The Chat function of the Together Python Library allows you to easily chat with any of the models in Together API with a single command. With pre-structured prompts and history, the chat function allows for seamless back-and-forth interactions with your favorite models from the command line.

To get started, first start an Inference VM from the Playground (starting and stopping instances with an API call and the Python library are coming soon!).

See all commands with:

together chat --help

Quickstart

To start an interactive chat session, simply run:

$ together chat

This will start a chat session with the default model togethercomputer/RedPajama-INCITE-7B-Chat.

You can specify a different model with --model or -m. See the List Models section for how to list all available models. Here's an example:

$ together chat -m togethercomputer/RedPajama-INCITE-Chat-3B-v1

Chat format

The prompt format for chat looks like this:

"{HISTORY}{user_id}: {prompt}\n{bot_id}:"

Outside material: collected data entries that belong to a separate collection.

(* Let $\mathcal T$ be an orbital category. The monotone map $\upsilon:\mathrm{wIndSys}_{\mathcal T}\to\mathrm{Fam}_{\mathcal T}$ has a fully faithful left adjoint given by $\mathcal F\mapsto E^{\mathcal T}_{\mathcal F}\underline{\mathbb F}^0_{\mathcal F}$, the $\mathcal T$-weak indexing system whose $V$-value is $\{\emptyset_V,*_V\}$ (up to isomorphism) for $V\in\mathcal F$ and $\emptyset$ otherwise.
   Context: For a small category $\mathcal T$, $\mathbb F_{\mathcal T}$ is the full subcategory of $\mathrm{Fun}(\mathcal T^{op},\mathrm{Set})$ on finite coproducts of representables; $\mathcal T$ is orbital if $\mathbb F_{\mathcal T}$ has pullbacks. $\mathbb F_V:=\mathbb F_{\mathcal T,/V}$, $*_V$ terminal, $\emptyset_V$ initial; for $U\to V$, $\mathrm{Res}^V_U$ is pullback and $\mathrm{Ind}^V_U$ postcomposition. A full $\mathcal T$-subcategory assigns isomorphism-closed classes $\mathcal C_V\subseteq\mathrm{Ob}\,\mathbb F_V$ stable under restriction. For $S\in\mathbb F_V$ with orbits $U$ and $T_U\in\mathbb F_U$, $\coprod_U^ST_U:=\coprod_U\mathrm{Ind}_U^VT_U$. A $\mathcal T$-weak indexing system is a full $\mathcal T$-subcategory with $\mathcal C_V\neq\emptyset\Rightarrow *_V\in\mathcal C_V$ and closed under $\coprod^S_UT_U$ for $S\in\mathcal C_V$, $T_U\in\mathcal C_U$; $\mathrm{wIndSys}_{\mathcal T}$ is their poset under inclusion. A $\mathcal T$-family is a full subcategory $\mathcal F$ with $V\to W$, $W\in\mathcal F\Rightarrow V\in\mathcal F$; $\mathrm{Fam}_{\mathcal T}$ their poset. $\upsilon(\mathcal C)=\{V\mid\emptyset_V\in\mathcal C_V\}$. A monotone map $L$ is left adjoint to $\pi$ if $L(x)\le y\iff x\le\pi(y)$; fully faithful means order-reflecting. *)

From mathcomp Require Import all_boot.
Set Implicit Arguments. Unset Strict Implicit. Unset Printing Implicit Defensive.

Record smallcat := SmallCat {
  Ob : Type;
  Hm : Ob -> Ob -> Type;
  idm : forall a, Hm a a;
  cmp : forall a b d, Hm b d -> Hm a b -> Hm a d;
  cmp_idl : forall a b (f : Hm a b), cmp (idm b) f = f;
  cmp_idr : forall a b (f : Hm a b), cmp f (idm a) = f;
  cmp_assoc : forall a b c d (h : Hm c d) (g : Hm b c) (f : Hm a b),
      cmp h (cmp g f) = cmp (cmp h g) f
}.
Arguments idm {s} a.
Arguments Hm {s}.
Arguments cmp {s a b d} _ _.

Section FT.
Variable T : smallcat.

(* F_T: finite coproducts of representables, presented as the free finite
   coproduct completion: an object is a finite family of objects of T; since
   Hom(y V, coprod_j y W_j) = coprod_j Hom(V, W_j), a morphism sends each
   summand i to a summand j together with a T-morphism. *)
Record fobj := FObj { fidx : finType; ffam : fidx -> Ob T }.
Arguments ffam : clear implicits.

Definition fhom (A B : fobj) :=
  forall i : fidx A, {j : fidx B & Hm (ffam A i) (ffam B j)}.

Definition fid (A : fobj) : fhom A A := fun i => existT _ i (idm _).
Arguments fid : clear implicits.

Definition fcomp (A B C : fobj) (g : fhom B C) (f : fhom A B) : fhom A C :=
  fun i => let: existT j a := f i in let: existT k b := g j in existT _ k (cmp b a).

Definition feq (A B : fobj) (f g : fhom A B) := forall i, f i = g i.

Definition is_pullback (A B C P : fobj) (f : fhom A C) (g : fhom B C)
    (pa : fhom P A) (pb : fhom P B) : Prop :=
  feq (fcomp f pa) (fcomp g pb) /\
  forall (Q : fobj) (qa : fhom Q A) (qb : fhom Q B),
    feq (fcomp f qa) (fcomp g qb) ->
    exists u : fhom Q P,
      [/\ feq (fcomp pa u) qa, feq (fcomp pb u) qb &
          forall u' : fhom Q P, feq (fcomp pa u') qa -> feq (fcomp pb u') qb -> feq u' u].

Definition orbital : Prop :=
  forall (A B C : fobj) (f : fhom A C) (g : fhom B C),
    exists (P : fobj) (pa : fhom P A) (pb : fhom P B), is_pullback f g pa pb.

Definition rep (V : Ob T) : fobj := FObj (fun _ : unit => V).
Definition rep_hom (U V : Ob T) (g : Hm U V) : fhom (rep U) (rep V) :=
  fun _ => existT _ tt g.

(* F_V = F_T / V *)
Record sobj (V : Ob T) := SObj { sdom : fobj; sstr : fhom sdom (rep V) }.
Arguments sstr {V} s i.

Definition siso (V : Ob T) (S S' : sobj V) : Prop :=
  exists (u : fhom (sdom S) (sdom S')) (v : fhom (sdom S') (sdom S)),
    [/\ feq (fcomp (sstr S') u) (sstr S), feq (fcomp (sstr S) v) (sstr S'),
        feq (fcomp v u) (fid _) & feq (fcomp u v) (fid _)].

Definition sterm (V : Ob T) : sobj V := SObj (fid (rep V)).
Definition fempty : fobj := FObj (fun i : void => match i with end).
Definition sinit (V : Ob T) : sobj V :=
  @SObj V fempty (fun i : void => match i with end).

(* R is (a choice of) Res^V_U S along g : U -> V, i.e. a pullback *)
Definition is_res (U V : Ob T) (g : Hm U V) (S : sobj V) (R : sobj U) : Prop :=
  exists q : fhom (sdom R) (sdom S), is_pullback (sstr S) (rep_hom g) q (sstr R).

(* orbits of S in F_V: the summands U_i, with T_U_i in F_{U_i};
   coprod^S_U T_U := coprod_i Ind^V_{U_i} T_{U_i} *)
Definition orbit (V : Ob T) (S : sobj V) (i : fidx (sdom S)) : Ob T := ffam (sdom S) i.
Arguments orbit {V} S i.

Definition scoprod (V : Ob T) (S : sobj V) (Tf : forall i, sobj (orbit S i)) : sobj V :=
  @SObj V (FObj (fun x : {i : fidx (sdom S) & fidx (sdom (Tf i))} =>
                  ffam (sdom (Tf (tag x))) (tagged x)))
    (fun x => existT _ tt (cmp (projT2 (sstr S (tag x)))
                                (projT2 (sstr (Tf (tag x)) (tagged x))))).

Definition tsub := forall V : Ob T, sobj V -> Prop.

Definition full_tsub (C : tsub) : Prop :=
  (forall V (S S' : sobj V), siso S S' -> C V S -> C V S') /\
  (forall U V (g : Hm U V) (S : sobj V) (R : sobj U), C V S -> is_res g S R -> C U R).

Definition weak_indexing_system (C : tsub) : Prop :=
  [/\ full_tsub C,
      (forall V, (exists S, C V S) -> C V (sterm V)) &
      (forall V (S : sobj V) (Tf : forall i, sobj (orbit S i)),
          C V S -> (forall i, C _ (Tf i)) -> C V (scoprod Tf))].

Definition tsub_le (C C' : tsub) : Prop := forall V S, C V S -> C' V S.

Definition Tfamily (F : Ob T -> Prop) : Prop :=
  forall V W (g : Hm V W), F W -> F V.

Definition fam_le (F F' : Ob T -> Prop) : Prop := forall V, F V -> F' V.

Definition upsilon (C : tsub) : Ob T -> Prop := fun V => C V (sinit V).

Definition EF0 (F : Ob T -> Prop) : tsub :=
  fun V S => F V /\ (siso (sinit V) S \/ siso (sterm V) S).

End FT.

From Pilot Require Import Defs.
From mathcomp Require Import all_boot.
From Stdlib Require Import Setoid Morphisms Eqdep_dec.
Set Implicit Arguments. Unset Strict Implicit. Unset Printing Implicit Defensive.

(** An object of F_V isomorphic to the initial object is one with no
    orbits, and one isomorphic to the terminal object is one with a single
    orbit mapping isomorphically onto V.  Both shapes are stable under
    restriction (pullbacks of isomorphisms are isomorphisms) and under
    composite coproducts, so E_F F^0_F is a weak indexing system.  It is the
    least weak indexing system containing the initial objects over F, because
    any such system also contains the terminal objects there; and since
    upsilon(E_F F^0_F) = F, the left adjoint is fully faithful. *)

#[local] Arguments fid {T A} i.
#[local] Arguments sstr {T V} s i.

Lemma existT_inj {I : eqType} {P : I -> Type} {i : I} {x y : P i} :
  existT P i x = existT P i y -> x = y.
Proof. apply: inj_pair2_eq_dec; exact: eq_comparable. Qed.

Section FiniteCoproductCompletion.
Variable T : smallcat.
Implicit Types A B C P : fobj T.

#[local] Instance feq_equiv A B : Equivalence (@feq T A B).
Proof. by split=> [f i | f g fg i | f g h fg gh i]; rewrite ?fg ?gh. Qed.

#[local] Instance fcomp_proper A B C :
  Proper (@feq T B C ==> @feq T A B ==> @feq T A C) (@fcomp T A B C).
Proof.
move=> g g' gg' f f' ff' i; rewrite /fcomp ff'.
by case: (f' i) => j a; rewrite gg'.
Qed.

Lemma fcompA A B C P (h : fhom C P) (g : fhom B C) (f : fhom A B) :
  feq (fcomp h (fcomp g f)) (fcomp (fcomp h g) f).
Proof.
move=> i; rewrite /fcomp.
by case: (f i) => j a; case: (g j) => k b; case: (h k) => l c; rewrite cmp_assoc.
Qed.

Lemma fcomp1f A B (f : fhom A B) : feq (fcomp fid f) f.
Proof. by move=> i; rewrite /fcomp /fid; case: (f i) => j a; rewrite cmp_idl. Qed.

Lemma fcompf1 A B (f : fhom A B) : feq (fcomp f fid) f.
Proof. by move=> i; rewrite /fcomp /fid; case: (f i) => j a; rewrite cmp_idr. Qed.

Definition fiso A B (f : fhom A B) :=
  exists u : fhom B A, feq (fcomp f u) fid /\ feq (fcomp u f) fid.

Lemma pullback_fiso A B C P (f : fhom A C) (g : fhom B C) (pa : fhom P A) (pb : fhom P B) :
  is_pullback f g pa pb -> fiso f -> fiso pb.
Proof.
move=> [square univ] [w [fw wf]].
have square' : feq (fcomp f (fcomp w g)) (fcomp g fid).
  by rewrite fcompA fw fcomp1f fcompf1.
have [u [pau pbu _]] := univ _ _ _ square'.
exists u; split=> //.
have [u0 [_ _ unique]] := univ _ _ _ square.
transitivity u0; last by symmetry; apply: unique; exact: fcompf1.
apply: unique; last by rewrite fcompA pbu fcomp1f.
by rewrite fcompA pau -fcompA -square fcompA wf fcomp1f.
Qed.

Definition tiso (a b : Ob T) (f : Hm a b) := exists h, cmp f h = idm b /\ cmp h f = idm a.

Lemma tiso_cmp (a b c : Ob T) (g : Hm b c) (f : Hm a b) :
  tiso g -> tiso f -> tiso (cmp g f).
Proof.
move=> [g' [gg' g'g]] [f' [ff' f'f]]; exists (cmp f' g'); split.
- by rewrite -cmp_assoc (cmp_assoc f) ff' cmp_idl gg'.
- by rewrite -cmp_assoc (cmp_assoc g') g'g cmp_idl f'f.
Qed.

Lemma fiso_repP A (V : Ob T) (f : fhom A (rep V)) :
  fiso f <-> exists i0, (forall i, i = i0) /\ tiso (projT2 (f i0)).
Proof.
split.
- move=> [u [fu uf]]; case Eu: (u tt) => [i0 h].
  have single i : i = i0.
    move: (uf i); rewrite /fcomp /fid; case: (f i) => [[] s].
    by rewrite Eu => /(congr1 (@projT1 _ _)).
  exists i0; split=> //; exists h.
  move: (fu tt) (uf i0); rewrite /fcomp /fid Eu; case: (f i0) => [[] s] /=.
  by rewrite Eu => /existT_inj sh /existT_inj hs.
- move=> [i0 [single [h [sh hs]]]]; exists (fun _ => existT _ i0 h); split.
  + by case; rewrite /fcomp /fid; case: (f i0) sh => [[] s] /= ->.
  + move=> i; rewrite /fcomp /fid (single i).
    by case: (f i0) hs => [[] s] /= ->.
Qed.

Lemma siso_refl (V : Ob T) (S : sobj V) : siso S S.
Proof. by exists fid, fid; split; rewrite ?fcompf1. Qed.

Lemma siso_trans (V : Ob T) (S1 S2 S3 : sobj V) : siso S1 S2 -> siso S2 S3 -> siso S1 S3.
Proof.
move=> [u1 [v1 [a1 b1 c1 d1]]] [u2 [v2 [a2 b2 c2 d2]]].
exists (fcomp u2 u1), (fcomp v1 v2); split.
- by rewrite fcompA a2 a1.
- by rewrite fcompA b1 b2.
- by rewrite fcompA -(fcompA v1) c2 fcompf1 c1.
- by rewrite fcompA -(fcompA u2) d1 fcompf1 d2.
Qed.

Lemma siso_sinitP (V : Ob T) (S : sobj V) : siso (sinit V) S <-> (fidx (sdom S) -> False).
Proof.
split; first by move=> [u [v _]] i; case: (projT1 (v i)).
move=> empty.
exists (fun i : void => match i with end), (fun i => match empty i with end).
by split=> i; [case: i | case: (empty i) | case: i | case: (empty i)].
Qed.

Lemma siso_stermP (V : Ob T) (S : sobj V) : siso (sterm V) S <-> fiso (sstr S).
Proof.
split.
- move=> [u [v [a b c d]]]; exists u; split=> //.
  have vE : feq v (sstr S) by rewrite -b /sterm /= fcomp1f.
  by rewrite -vE.
- move=> [u [a b]]; exists u, (sstr S); split=> //; exact: fcomp1f.
Qed.

Lemma is_res_sinit (U V : Ob T) (g : Hm U V) : is_res g (sinit V) (sinit U).
Proof.
exists (fun i : void => match i with end); split; first by case.
move=> Q qa qb _; exists (fun i => match projT1 (qa i) with end).
by split=> [i | i | u' _ _ i]; case: (projT1 (qa i)).
Qed.

Lemma res_siso_sinit (U V : Ob T) (g : Hm U V) (S : sobj V) (R : sobj U) :
  is_res g S R -> siso (sinit V) S -> siso (sinit U) R.
Proof.
move=> [q _] /siso_sinitP emptyS; apply/siso_sinitP => i.
exact: emptyS (projT1 (q i)).
Qed.

Lemma res_siso_sterm (U V : Ob T) (g : Hm U V) (S : sobj V) (R : sobj U) :
  is_res g S R -> siso (sterm V) S -> siso (sterm U) R.
Proof. by move=> [q pb] /siso_stermP isoS; apply/siso_stermP; exact: pullback_fiso pb isoS. Qed.

Section CompositeCoproduct.
Variables (V : Ob T) (S : sobj V) (Tf : forall i, sobj (Defs.orbit (S:=S) i)).

Lemma scoprod_siso_sinit : (forall i, siso (sinit _) (Tf i)) -> siso (sinit V) (scoprod Tf).
Proof. by move=> emptyT; apply/siso_sinitP => -[i j]; exact: (siso_sinitP _).1 (emptyT i) j. Qed.

Lemma scoprod_siso_sterm :
  siso (sterm V) S -> (forall i, siso (sterm _) (Tf i)) -> siso (sterm V) (scoprod Tf).
Proof.
move=> /siso_stermP /fiso_repP [i0 [single_i iso_s]] termT.
have /siso_stermP /fiso_repP [j0 [single_j iso_t]] := termT i0.
apply/siso_stermP/fiso_repP; exists (existT _ i0 j0); split.
- by case=> i j; move: j; rewrite (single_i i) => j; rewrite (single_j j).
- exact: tiso_cmp.
Qed.

End CompositeCoproduct.

Lemma siso_sterm_single (V : Ob T) (S : sobj V) :
  siso (sterm V) S -> exists i0 : fidx (sdom S), forall i, i = i0.
Proof. by move=> /siso_stermP /fiso_repP [i0 [single _]]; exists i0. Qed.

End FiniteCoproductCompletion.

Section FamilyToIndexingSystem.
Variables (T : smallcat) (F : Ob T -> Prop).
Hypothesis famF : Tfamily F.

Lemma EF0_full_tsub : full_tsub (EF0 F).
Proof.
split.
- move=> V S S' iso [FV [init | term]]; split=> //.
  + by left; exact: siso_trans iso.
  + by right; exact: siso_trans iso.
- move=> U V g S R [FV initS_or_termS] res; split; first exact: famF FV.
  case: initS_or_termS => [init | term].
  + by left; exact: res_siso_sinit res init.
  + by right; exact: res_siso_sterm res term.
Qed.

Lemma EF0_scoprod (V : Ob T) (S : sobj V) (Tf : forall i, sobj (Defs.orbit (S:=S) i)) :
  EF0 F S -> (forall i, EF0 F (Tf i)) -> EF0 F (scoprod Tf).
Proof.
move=> [FV [initS | termS]] ET; split=> //.
  by left; apply: scoprod_siso_sinit => i; case: ((siso_sinitP _).1 initS i).
have [i0 single] := siso_sterm_single termS.
have [_ [initT | termT]] := ET i0.
- by left; apply: scoprod_siso_sinit => i; rewrite (single i).
- by right; apply: scoprod_siso_sterm termS _ => i; rewrite (single i).
Qed.

Lemma EF0_weak_indexing_system : weak_indexing_system (EF0 F).
Proof.
split; [exact: EF0_full_tsub | | exact: EF0_scoprod].
by move=> V [S [FV _]]; split=> //; right; exact: siso_refl.
Qed.

Lemma upsilon_EF0 (V : Ob T) : upsilon (EF0 F) V <-> F V.
Proof. by split=> [[] | FV] //; split=> //; left; exact: siso_refl. Qed.

End FamilyToIndexingSystem.

Lemma upsilon_Tfamily (T : smallcat) (C : tsub T) : full_tsub C -> Tfamily (upsilon C).
Proof. by move=> [_ resC] V W g CW; exact: resC CW (is_res_sinit g). Qed.

Lemma EF0_le_adjoint (T : smallcat) (F : Ob T -> Prop) (C : tsub T) :
  weak_indexing_system C -> tsub_le (EF0 F) C <-> fam_le F (upsilon C).
Proof.
move=> [[isoC _] termC _]; split.
  by move=> le V FV; apply: le; split=> //; left; exact: siso_refl.
move=> le V S [FV [initS | termS]].
- exact: isoC initS (le V FV).
- by apply: isoC termS _; apply: termC; exists (sinit V); exact: le.
Qed.

Theorem mainTheorem13 (T : smallcat) (horb : orbital T) :
  (* upsilon is a well-defined monotone map wIndSys_T -> Fam_T *)
  (forall C : tsub T, weak_indexing_system C -> Tfamily (upsilon C)) /\
  (forall C C' : tsub T, weak_indexing_system C -> weak_indexing_system C' ->
      tsub_le C C' -> fam_le (upsilon C) (upsilon C')) /\
  (* F |-> E_F F^0_F is a well-defined monotone map Fam_T -> wIndSys_T *)
  (forall F : Ob T -> Prop, Tfamily F -> weak_indexing_system (EF0 F)) /\
  (forall F F' : Ob T -> Prop, Tfamily F -> Tfamily F' ->
      fam_le F F' -> tsub_le (EF0 F) (EF0 F')) /\
  (* it is left adjoint to upsilon *)
  (forall (F : Ob T -> Prop) (C : tsub T), Tfamily F -> weak_indexing_system C ->
      (tsub_le (EF0 F) C <-> fam_le F (upsilon C))) /\
  (* and fully faithful (order-reflecting) *)
  (forall F F' : Ob T -> Prop, Tfamily F -> Tfamily F' ->
      tsub_le (EF0 F) (EF0 F') -> fam_le F F').
Proof.
split; first by move=> C [fullC _ _]; exact: upsilon_Tfamily.
split; first by move=> C C' _ _ le V; exact: le.
split; first exact: EF0_weak_indexing_system.
split; first by move=> F F' _ _ le V S [FV isoS]; split=> //; exact: le.
split; first by move=> F C _; exact: EF0_le_adjoint.
move=> F F' _ famF' le V FV; apply/(upsilon_EF0 F').
by move: V FV; apply/EF0_le_adjoint=> //; exact: EF0_weak_indexing_system.
Qed.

The default value for is <human> for {user_id} and <bot> for {bot_id} which follows the prompt template for the laion/OIG dataset. These values can be assigned with --user_id and --bot_id and recommended to be changed to the model's format for best results.

Other arguments

  • max-tokens: Maximum number of tokens to generate per request. Defaults to 128.
  • stop: Tokens to stop generation at. Accepts multiple values. Defaults to [""] and adds user_id if a custom one is provided.
  • temperature: Determines the degree of randomness in the response. Default=0.7
  • top-p: Used to dynamically adjust the number of choices for each predicted token based on the cumulative probabilities. Default=0.7
  • top-k: Used to limit the number of choices for the next predicted word or token. Default=50
  • repetition-penalty: Controls the diversity of generated text by reducing the likelihood of repeated sequences. Higher values decrease repetition.

Chat vs Complete

Complete can be made to behave similar to Chat, but requires formatting the prompts manually. Here's an example of Chat and Complete commands that will produce the same results:

$ together chat
Loading togethercomputer/RedPajama-INCITE-7B-Chat
Type /quit to quit, /help, or /? to list commands.

>>> List the best restaurants in SF
$ together complete "<human>: List the best restaurants in SF\n<bot>: "

The key difference is that Chat is a purely interactive experience with features like chat history, while Complete offers a more customizable and manual experience useful for implementations in custom use-cases.

FAQ

Why do I see a 429 status code error - "No instance started"?

This error is returned by the server if an Inference VM has not been started for the model being queried. To resolve this error, simply navigate to the Playground and start an instance of a model by hitting the "play" button in the model card.

What models are available to chat with?

See the Models page for a list of models that can be queried. You can also see these models by navigating to the Playground.